HUMAN CIRCULATING MONOCYTES PHENOTYPES AND FUNCTIONS IN THE DEVELOPMENT OF ALZHEIMER’S DISEASE

Alzheimer’ Disease is the most frequent neurocognitive disorder. The exact cause is not known however the neuroinflammation plays a key role. This neuroinflammation is more probably preceding the amyloid beta deposition in senile plaques. The innate immune system is playing a significant role in the neuroinflammation either in the brain (microglia) or in the periphery (monocytes). Our aim in the present work was to investigate the phenotypic and functional changes of monocytes in the progression of Alzheimer’s disease (AD).

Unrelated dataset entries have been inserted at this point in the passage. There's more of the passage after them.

(* The unique solution of $\frac{d}{dt}s(t)=H(\pi)s(t)$, $s(0)\in\mathbb V$, is $s(t)=e^{H(\pi)t}s(0)$, and there exist $\delta_2>0$ and $D_4<\infty$ such that for all $s(0)\in\mathbb V$ and $t\ge0$, $\|s(t)\|_2\le D_4e^{-\delta_2t}\|s(0)\|_2$.
   Context: Fix integers $C\ge1$, $d\ge1$ and a real $\sigma>0$. $\mathbb V=\{v\in\mathbb R^{C+1}:v_0=0\}$ with Euclidean norm $\|\cdot\|_2$. $\pi\in\mathbb R^{C+1}$ is the unique vector with $1=\pi_0\ge\pi_1\ge\cdots\ge\pi_C\ge0$ satisfying $\sigma(\pi_{n-1}^d-\pi_n^d)=n(\pi_n-\pi_{n+1})$ for $1\le n\le C$, $\pi_{C+1}=0$. $H(\pi):\mathbb V\to\mathbb V$ is the linear map $(H(\pi)b)_0=0$, $(H(\pi)b)_n=\sigma d\,\pi_{n-1}^{d-1}b_{n-1}-(\sigma d\,\pi_n^{d-1}+n)b_n+nb_{n+1}$ for $1\le n\le C$ (with $b_{C+1}:=0$). *)

From mathcomp Require Import all_boot all_order all_algebra.
From mathcomp Require Import all_classical all_reals all_analysis.
Set Implicit Arguments. Unset Strict Implicit. Unset Printing Implicit Defensive.
Import Order.TTheory GRing.Theory Num.Theory numFieldNormedType.Exports.
Local Open Scope classical_set_scope.
Local Open Scope ring_scope.

Section Defs.
Variable R : realType.

(* The space V = {v in R^{C+1} : v_0 = 0} is identified with column vectors
   'cV[R]_C: index i : 'I_C stands for the coordinate n = i+1. *)

Definition enorm (C : nat) (v : 'cV[R]_C) : R :=
  Num.sqrt (\sum_(i < C) (v i 0) ^+ 2).

(* The matrix of H(pi) in the coordinates n = 1..C (b_0 = 0, b_{C+1} = 0). *)
Definition Hmat (C d : nat) (sigma : R) (pi : nat -> R) : 'M[R]_C :=
  \matrix_(i < C, j < C)
    let n := i.+1 in let m := j.+1 in
    if m.+1 == n then sigma * d%:R * pi n.-1 ^+ d.-1
    else if m == n then - (sigma * d%:R * pi n ^+ d.-1 + n%:R)
    else if m == n.+1 then n%:R
    else 0.

Definition expmx (C : nat) (A : 'M[R]_C) : 'M[R]_C :=
  \matrix_(i < C, j < C)
    limn (@series R (fun k : nat => (A ^+ k) i j / (k`!)%:R)).

Definition is_solution (C : nat) (H : 'M[R]_C) (s0 : 'cV[R]_C)
  (s : R -> 'cV[R]_C) : Prop :=
  s 0 = s0 /\
  (forall i : 'I_C, {within [set t : R | 0 <= t], continuous (fun t => s t i 0)}) /\
  (forall t : R, 0 < t -> forall i : 'I_C,
      is_derive t 1 (fun u => s u i 0) ((H *m s t) i 0)).

End Defs.

From mathcomp Require Import all_boot all_order all_algebra.
From mathcomp Require Import all_classical all_reals all_analysis.
From mathcomp Require Import ring lra.
Import Order.TTheory GRing.Theory Num.Theory numFieldNormedType.Exports.
Local Open Scope classical_set_scope.
Local Open Scope ring_scope.
Set Implicit Arguments. Unset Strict Implicit. Unset Printing Implicit Defensive.

(* The matrix H = H(pi) of the linearised dynamics is a Metzler matrix
   (nonnegative off-diagonal entries) whose column sums are at most -1; the
   theorem follows from general facts about e^{tA} for square real matrices.

   1. Existence.  The entries of e^{tA} are power series in t whose
      coefficients (A^k)_ij / k! are dominated by |A|_1^k / k!, |A|_1 being the
      entrywise l1 norm; differentiating termwise, t |-> e^{tA} s0 solves
      s' = A s, s(0) = s0.
   2. Uniqueness.  If w' = A w and w(0) = 0, then e^{-2|A|_1 t} |w(t)|^2 is
      nonincreasing because <w, A w> <= |A|_1 |w|^2, so w = 0.
   3. Decay.  A Metzler matrix with column sums <= -delta is N - cI with
      N >= 0 of column sums <= c - delta; by uniqueness e^{tA} = e^{-ct} e^{tN},
      and e^{tN} >= 0 has column sums <= e^{(c - delta) t}, so e^{tA} contracts
      the l1 norm by e^{-delta t}.  Comparing the l1 and Euclidean norms gives
      the bound with delta2 = 1 and D4 = C.
   4. The Metzler property and the column sums of H(pi) only use pi_n >= 0,
      which follows from the monotonicity of pi and pi_C >= 0. *)

Lemma limn_sum {R : realType} (I : finType) (u : I -> nat -> R) :
  (forall l, cvgn (u l)) ->
  cvgn (fun N => \sum_l u l N) /\ limn (fun N => \sum_l u l N) = \sum_l limn (u l).
Proof.
move=> cu.
have cv : (fun N => \sum_l u l N) @ \oo --> \sum_l limn (u l).
  by apply: (cvg_big add_continuous) => // l _; exact: cu.
by split; [apply/cvg_ex; exists (\sum_l limn (u l)) | exact: cvg_lim].
Qed.

Section MatrixExponential.
Variables (R : realType) (n : nat).
Implicit Types A : 'M[R]_n.

Definition mxnorm1 A : R := \sum_i \sum_j `|A i j|.

Lemma mxnorm1_ge0 A : 0 <= mxnorm1 A.
Proof. by apply: sumr_ge0 => i _; apply: sumr_ge0. Qed.

Lemma row_le_mxnorm1 A i : \sum_j `|A i j| <= mxnorm1 A.
Proof.
by rewrite /mxnorm1 [leRHS](bigD1 i) //= lerDl; apply: sumr_ge0 => *; apply: sumr_ge0.
Qed.

Lemma entry_le_mxnorm1 A i j : `|A i j| <= mxnorm1 A.
Proof.
by apply: le_trans (row_le_mxnorm1 A i); rewrite (bigD1 j) //= lerDl sumr_ge0.
Qed.

Lemma exprmx_entry_le A k i j : `|(A ^+ k) i j| <= mxnorm1 A ^+ k.
Proof.
elim: k i j => [|k IH] i j.
  by rewrite expr0 mxE; case: (i == j); rewrite ?normr1 ?normr0.
rewrite exprS mxE (le_trans (ler_norm_sum _ _ _)) //.
apply: (@le_trans _ _ (\sum_l `|A i l| * mxnorm1 A ^+ k)).
  by apply: ler_sum => l _; rewrite normrM ler_wpM2l.
by rewrite -mulr_suml exprS ler_wpM2r ?exprn_ge0 ?mxnorm1_ge0 ?row_le_mxnorm1.
Qed.

(* The Taylor coefficients in t of the (i, j) entry of A ^ p e^{tA}. *)
Definition expcoef A (p : nat) i j (k : nat) : R := (A ^+ (k + p)) i j / k`!%:R.

(* These power series converge everywhere, by comparison with the exponential
   series of |A|_1 |x|. *)
Lemma expcoef_cvg A p i j (x : R) : cvgn (pseries (expcoef A p i j) x).
Proof.
apply: normed_cvg.
apply: (@series_le_cvg _ _ (fun k => mxnorm1 A ^+ p * exp_coeff (mxnorm1 A * `|x|) k)).
- by move=> k; rewrite normr_ge0.
- move=> k; rewrite mulr_ge0 ?exprn_ge0 ?mxnorm1_ge0 //.
  by rewrite exp_coeff_ge0 // mulr_ge0 ?mxnorm1_ge0.
- move=> k /=; rewrite /expcoef /exp_coeff /= !normrM normfV normr_nat normrX.
  rewrite [leRHS](_ : _ = mxnorm1 A ^+ (k + p) / k`!%:R * `|x| ^+ k); last first.
    by rewrite exprMn exprD; ring.
  by rewrite ler_wpM2r ?exprn_ge0 // ler_wpM2r ?invr_ge0 // exprmx_entry_le.
- exact/is_cvg_seriesZ/is_cvg_series_exp_coeff.
Qed.

Lemma pseries_diffs_expcoef A p i j :
  pseries_diffs (expcoef A p i j) = expcoef A p.+1 i j.
Proof.
apply/funext => k; rewrite /pseries_diffs /expcoef factS natrM invfM addSnnS.
have k1_neq0 : (k.+1%:R : R) != 0 by rewrite pnatr_eq0.
by rewrite mulrCA; congr (_ * _); rewrite mulrA mulfV // mul1r.
Qed.

Lemma exprZ_entry A (t : R) k i j : ((t *: A) ^+ k) i j = t ^+ k * (A ^+ k) i j.
Proof.
elim: k i j => [|k IH] i j; first by rewrite !expr0 mul1r.
rewrite !exprS !mxE mulr_sumr; apply: eq_bigr => l _.
by rewrite IH !mxE; ring.
Qed.

Definition expent A i j (t : R) : R := limn (pseries (expcoef A 0 i j) t).

Lemma expmx_scaleE A (t : R) i j : expmx (t *: A) i j = expent A i j t.
Proof.
rewrite mxE /expent; congr (lim (_ @ \oo)); apply/funext => N.
rewrite /pseries /series /=; apply: eq_bigr => k _.
by rewrite exprZ_entry /expcoef addn0; ring.
Qed.

Lemma expent_derive A i j (t : R) :
  is_derive t 1 (expent A i j) (limn (pseries (expcoef A 1 i j) t)).
Proof.
rewrite /expent -pseries_diffs_expcoef.
apply: (@pseries_snd_diffs _ _ (`|t| + 1)); rewrite ?pseries_diffs_expcoef.
1-3: exact: expcoef_cvg.
by rewrite [ltRHS]ger0_norm ?addr_ge0 // ltrDl.
Qed.

Lemma pseries_expcoef1 A i j (t : R) :
  limn (pseries (expcoef A 1 i j) t) = \sum_l A i l * expent A l j t.
Proof.
have -> : pseries (expcoef A 1 i j) t =
    (fun N => \sum_l A i l * pseries (expcoef A 0 l j) t N).
  apply/funext => N; rewrite /pseries /series /=.
  under [RHS]eq_bigr do rewrite mulr_sumr.
  rewrite exchange_big /=; apply: eq_bigr => k _.
  rewrite /expcoef addn1 addn0 exprS mxE !mulr_suml; apply: eq_bigr => l _.
  by ring.
have cv : forall l, cvgn (fun N => A i l * pseries (expcoef A 0 l j) t N).
  by move=> l; apply: is_cvgMl_tmp; exact: expcoef_cvg.
rewrite (limn_sum cv).2; apply: eq_bigr => l _.
by rewrite limM //; [rewrite lim_cst | exact: is_cvg_cst | exact: expcoef_cvg].
Qed.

We evaluated four groups of subjects: healthy (HE), subjective memory complaint (SMC), amnestic Mild Cognitive Impairment (aMCI) and mildAD subjects (aged 60 to 85 years). We had 10 subjects per group. Monocytes were separated and studied by FACScan for their phenotypes and functions. Our results demonstrate that monocytes have a gradient of inflammatory phenotype (intermediate and non-classical) through the progression of the disease from HE to mAD subjects. The functions of monocytes are decreased through the progression of the disease. The differentiation of monocytes towards macrophages is skewed to the M1 phenotype. Our results demonstrate that monocytes may participate in the neuroinflammation as they cross the blood brain barrier and also as they become more and more inflammatory through the progression of the disease.